Lawmakers discuss Patrick's budget cuts
By Globe Staff
Democratic leaders held caucuses today in the House and Senate to wrestle with Governor Deval Patrick's plan to slash more than $1 billion from the state budget.
Roughly $341 million of the cuts, new revenues, and use of reserves require legislative approval, including several initiatives that have already been killed once by lawmakers. Those failed proposals that Patrick has revived include adding tiers to healthcare plans for state employees and taxing telecommunications companies for telephone poles.
Top lawmakers are weighing whether to return for a special session or wait until their next formal session, in January. Patrick indicated he wanted legislative approvals "as soon as possible," but did not call lawmakers back to Beacon Hill.
House lawmakers were “talking about what the governor proposed last night and starting to look at what the options are for the Legislature going forward,” said David Guarino, a spokesman for House Speaker Salvatore F. DiMasi.
No decisions were made. “We haven’t seen the details of what the governor is proposing. We’d have to take a good hard look at that first,” Guarino said.
Senators also met in the office of Senate President Therese Murray.
"It was a full-house caucus," said Senator Stephen Brewer, a Democrat from Barre. "We're all engaged in this process."
The Legislature would need to approve a $100 million spending cut that would extend by two years the amount of time the state will take to pay off its pension account.
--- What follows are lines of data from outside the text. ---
Lemma state_neq0 x : Om x -> x != 0.
Proof.
move=> Ox; have := affine_pair_neq0 Ox Ox (addr0 1).
by rewrite scale1r scale0r addr0.
Qed.

Lemma state_scale_eq1 x y s : Om x -> Om y -> x = s *: y -> s = 1.
Proof.
move=> Ox Oy xE; apply/eqP/negPn/negP => s_neq1.
have s1_neq0 : 1 - s != 0 by rewrite subr_eq0 eq_sym.
(* x - s y = 0 rescaled to an affine combination of x and y *)
have ab1 : (1 - s)^-1 + - (s / (1 - s)) = 1.
  by rewrite -mulNr -[X in X + _]mul1r -mulrDl divff.
move: (affine_pair_neq0 Ox Oy ab1).
by rewrite xE scalerA -scalerDl [(1 - s)^-1 * s]mulrC subrr scale0r eqxx.
Qed.

Lemma state_conic_sum1 w y z a b : Om w -> Om y -> Om z -> 0 <= a -> 0 <= b ->
  w = a *: y + b *: z -> a + b = 1.
Proof.
move=> Ow Oy Oz a_ge0 b_ge0 wE.
have ab_gt0 : 0 < a + b.
  rewrite lt_def addr_ge0 // andbT; apply: contraNneq (state_neq0 Ow) => ab0.
  have /andP[/eqP a0 /eqP b0] : (a == 0) && (b == 0) by rewrite -paddr_eq0 // ab0.
  by rewrite wE a0 b0 !scale0r addr0.
pose t := a / (a + b).
have Oyz : Om (t *: y + (1 - t) *: z).
  apply: Om_convex => //; rewrite /t divr_ge0 ?addr_ge0 //=.
  by rewrite ler_pdivrMr // mul1r lerDl.
apply: (state_scale_eq1 Ow Oyz); rewrite wE scalerDr !scalerA /t.
by rewrite mulrBr mulr1 mulrCA divff ?gt_eqF // mulr1 addrAC subrr add0r.
Qed.

Lemma pos_cone_state x : Om x -> pos_cone Om x.
Proof. by move=> Ox; exists 1, x; rewrite scale1r. Qed.

Lemma pos_cone_neq0 x : pos_cone Om x -> x != 0 ->
  exists l u, [/\ 0 < l, Om u & x = l *: u].
Proof.
case=> l [u [l_ge0 Ou ->]] lu_neq0; exists l, u; split=> //.
by rewrite lt_def l_ge0 andbT; apply: contraNneq lu_neq0 => ->; rewrite scale0r.
Qed.

Lemma cone_automorphism_state M u : cone_automorphism (pos_cone Om) M -> Om u ->
  exists l v, [/\ 0 < l, Om v & u *m M = l *: v].
Proof.
move=> [M_unit MC] Ou; apply: pos_cone_neq0.
  by rewrite -MC; exists u => //; apply: pos_cone_state.
by apply: contraNneq (state_neq0 Ou) => uM0; rewrite -(mulmxK M_unit u) uM0 mul0mx.
Qed.

Lemma cone_automorphism_extreme M u : cone_automorphism (pos_cone Om) M ->
  extreme_point Om u ->
  exists l v, [/\ 0 < l, extreme_point Om v & u *m M = l *: v].
Proof.
move=> MC [Ou u_ext]; have [l [v [l_gt0 Ov uM]]] := cone_automorphism_state MC Ou.
exists l, v; split=> //; split=> // y z t Oy Oz /andP[t_gt0 t_lt1] vE.
(* Pulled back through M^-1, a splitting of v splits u, whose extremality puts
   both parts on the ray of u, hence of v. *)
have [M_unit _] := MC.
have [a [y' [a_gt0 Oy' yM]]] := cone_automorphism_state (cone_automorphismV MC) Oy.
have [b [z' [b_gt0 Oz' zM]]] := cone_automorphism_state (cone_automorphismV MC) Oz.
have uE : u = (l * t * a) *: y' + (l * (1 - t) * b) *: z'.
  rewrite -(mulmxK M_unit u) uM vE -scalemxAl mulmxDl -!scalemxAl yM zM.
  by rewrite scalerDr !scalerA.
have ta_gt0 : 0 < l * t * a by rewrite !mulr_gt0.
have tb_gt0 : 0 < l * (1 - t) * b by rewrite !mulr_gt0 // subr_gt0.
have sum1 := state_conic_sum1 Ou Oy' Oz' (ltW ta_gt0) (ltW tb_gt0) uE.
have tbE : l * (1 - t) * b = 1 - l * t * a.
  by rewrite -[in RHS]sum1 addrAC subrr add0r.
have [y'E z'E] : y' = u /\ z' = u.
  apply: (u_ext _ _ (l * t * a)) => //; last by rewrite -tbE.
  by rewrite ta_gt0 -sum1 ltrDl.
have yE : y = (a * l) *: v.
  by rewrite -(mulmxKV M_unit y) yM y'E -scalemxAl uM scalerA.
have zE : z = (b * l) *: v.
  by rewrite -(mulmxKV M_unit z) zM z'E -scalemxAl uM scalerA.
by rewrite yE zE (state_scale_eq1 Oy Ov yE) (state_scale_eq1 Oz Ov zE) !scale1r.
Qed.

Lemma cone_automorphism_extremeX M u k : cone_automorphism (pos_cone Om) M ->
  extreme_point Om u ->
  exists c v, [/\ 0 < c, extreme_point Om v & u *m M ^+ k = c *: v].
Proof.
move=> MC u_ext; elim: k => [|k [c [v [c_gt0 v_ext uMk]]]].
  by exists 1, u; rewrite expr0 mulmx1 scale1r.
have [l [v' [l_gt0 v'_ext vM]]] := cone_automorphism_extreme MC v_ext.
exists (c * l), v'; split=> //; first exact: mulr_gt0.
by rewrite exprSr -mulmxE mulmxA uMk -scalemxAl vM scalerA.
Qed.

Lemma cone_automorphism_periodic M w : cone_automorphism (pos_cone Om) M ->
  finite_set [set x | extreme_point Om x] -> extreme_point Om w ->
  exists k r, [/\ (0 < k)%N, 0 < r & w *m M ^+ k = r *: w].
Proof.
move=> MC finE w_ext.
have /choice[f fP] k : exists v,
    extreme_point Om v /\ exists2 c, 0 < c & w *m M ^+ k = c *: v.
  have [c [v [c_gt0 v_ext wMk]]] := cone_automorphism_extremeX k MC w_ext.
  by exists v; split=> //; exists c.
have [i [j [ij fij]]] := finite_set_pigeonhole finE (fun k => (fP k).1).
have [_ [ci ci_gt0 wMi]] := fP i; have [_ [cj cj_gt0 wMj]] := fP j.
exists (j - i)%N, (cj / ci); split; rewrite ?subn_gt0 ?divr_gt0 //.
have Mi_unit : M ^+ i \in unitmx by apply: unitrX; case: MC.
apply: (can_inj (mulmxK Mi_unit)).
rewrite -mulmxA mulmxE -exprD subnK ?(ltnW ij) //.
by rewrite wMj -scalemxAl wMi scalerA mulfVK ?gt_eqF // fij.
Qed.

End StateSpace.

Lemma inner_product_linearr (R : realType) (N : nat)
    (ip : 'rV[R]_N.+1 -> 'rV[R]_N.+1 -> R) :
  inner_product ip -> forall z a x y, ip z (a *: x + y) = a * ip z x + ip z y.
Proof.
by case=> ip_linearl ip_sym _ z a x y; rewrite !(ip_sym z) ip_linearl.
Qed.

Section StrictlyPositive.
Variables (R : realType) (N : nat) (ip : 'rV[R]_N.+1 -> 'rV[R]_N.+1 -> R).
Variable J : {linear 'rV[R]_N.+1 -> 'rV[R]_N.+1}.
Hypotheses (ipP : inner_product ip) (J_pos : strictly_positive ip J).

Lemma strictly_positive_ge0 x : 0 <= ip x (J x).
Proof.
have [->|/(proj2 J_pos)/ltW//] := eqVneq x 0.
by rewrite linear0 (form_linear0r (inner_product_linearr ipP)).
Qed.

Lemma strictly_positive_inj : injective J.
Proof.
move=> x y Jxy; apply/eqP; rewrite -subr_eq0; apply/negPn/negP => /(proj2 J_pos).
by rewrite linearB /= Jxy subrr (form_linear0r (inner_product_linearr ipP)) ltxx.
Qed.

End StrictlyPositive.

Theorem lemmaB4 (R : realType) (N : nat) (Om : set 'rV[R]_N.+1)
  (ip : 'rV[R]_N.+1 -> 'rV[R]_N.+1 -> R)
  (J K : {linear 'rV[R]_N.+1 -> 'rV[R]_N.+1}) :
  state_space Om ->
  finite_set [set x | extreme_point Om x] ->
  inner_product ip ->
  strictly_positive ip J -> strictly_positive ip K ->
  J @` pos_cone Om = int_dual_cone ip Om ->
  K @` pos_cone Om = int_dual_cone ip Om ->
  forall w, extreme_point Om w ->
    exists mu : R, 0 < mu /\ K w = mu *: J w.
Proof.
move=> [_ Om_convex _ Om_aff0] finE ipP J_pos K_pos JOm KOm w w_ext.
have J_inj := strictly_positive_inj ipP J_pos.
pose M := ldiv_mx J K.
have JM x : J (x *m M) = K x by apply: ldiv_mxP.
have MC : cone_automorphism (pos_cone Om) M.
  apply: ldiv_mx_cone_automorphism; rewrite ?JOm ?KOm //.
  exact: strictly_positive_inj K_pos.
have [k [r [k_gt0 r_gt0 wMk]]] :=
  cone_automorphism_periodic Om_convex Om_aff0 MC finE w_ext.
pose m := r `^ k%:R^-1.
have m_gt0 : 0 < m by rewrite powR_gt0.
have mk : m ^+ k = r.
  by rewrite -powR_mulrn ?powR_ge0 // -powRrM mulVf ?powRr1 ?ltW // pnatr_eq0 -lt0n.
pose B x y := ip x (J y).
have B_linear x a y z : B x (a *: y + z) = a * B x y + B x z.
  by rewrite /B linearP inner_product_linearr.
have M_selfadjoint x y : B x (y *m M) = B (x *m M) y.
  by rewrite /B JM (proj1 K_pos) (proj1 J_pos) JM.
have M_ge0 x : 0 <= B x (x *m M) by rewrite /B JM strictly_positive_ge0.
have wM : w *m M = m *: w.
  apply: (eigenvector_root B_linear (proj2 J_pos) M_selfadjoint M_ge0 k_gt0 m_gt0).
  by rewrite mk.
by exists m; split=> //; rewrite -JM wM linearZ.
Qed.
Instead of paying it off by 2023, the schedule would be extended to 2025.
Lawmakers need to sign off on the tapping of an additional $200 million in the state's reserve account, bringing the total the state would spend from the rainy-day fund to $600 million this year instead of the original $400 million. The plan would leave $1.6 billion in the fund.
The telephone pole initiative would tighten the tax code for telecommunications companies, requiring them to pay $13 million more in taxes. The $28 million plan to tier state healthcare plans to income levels would raise the premiums for the highest-earning state employees.
Material from State House News Service was used in this report.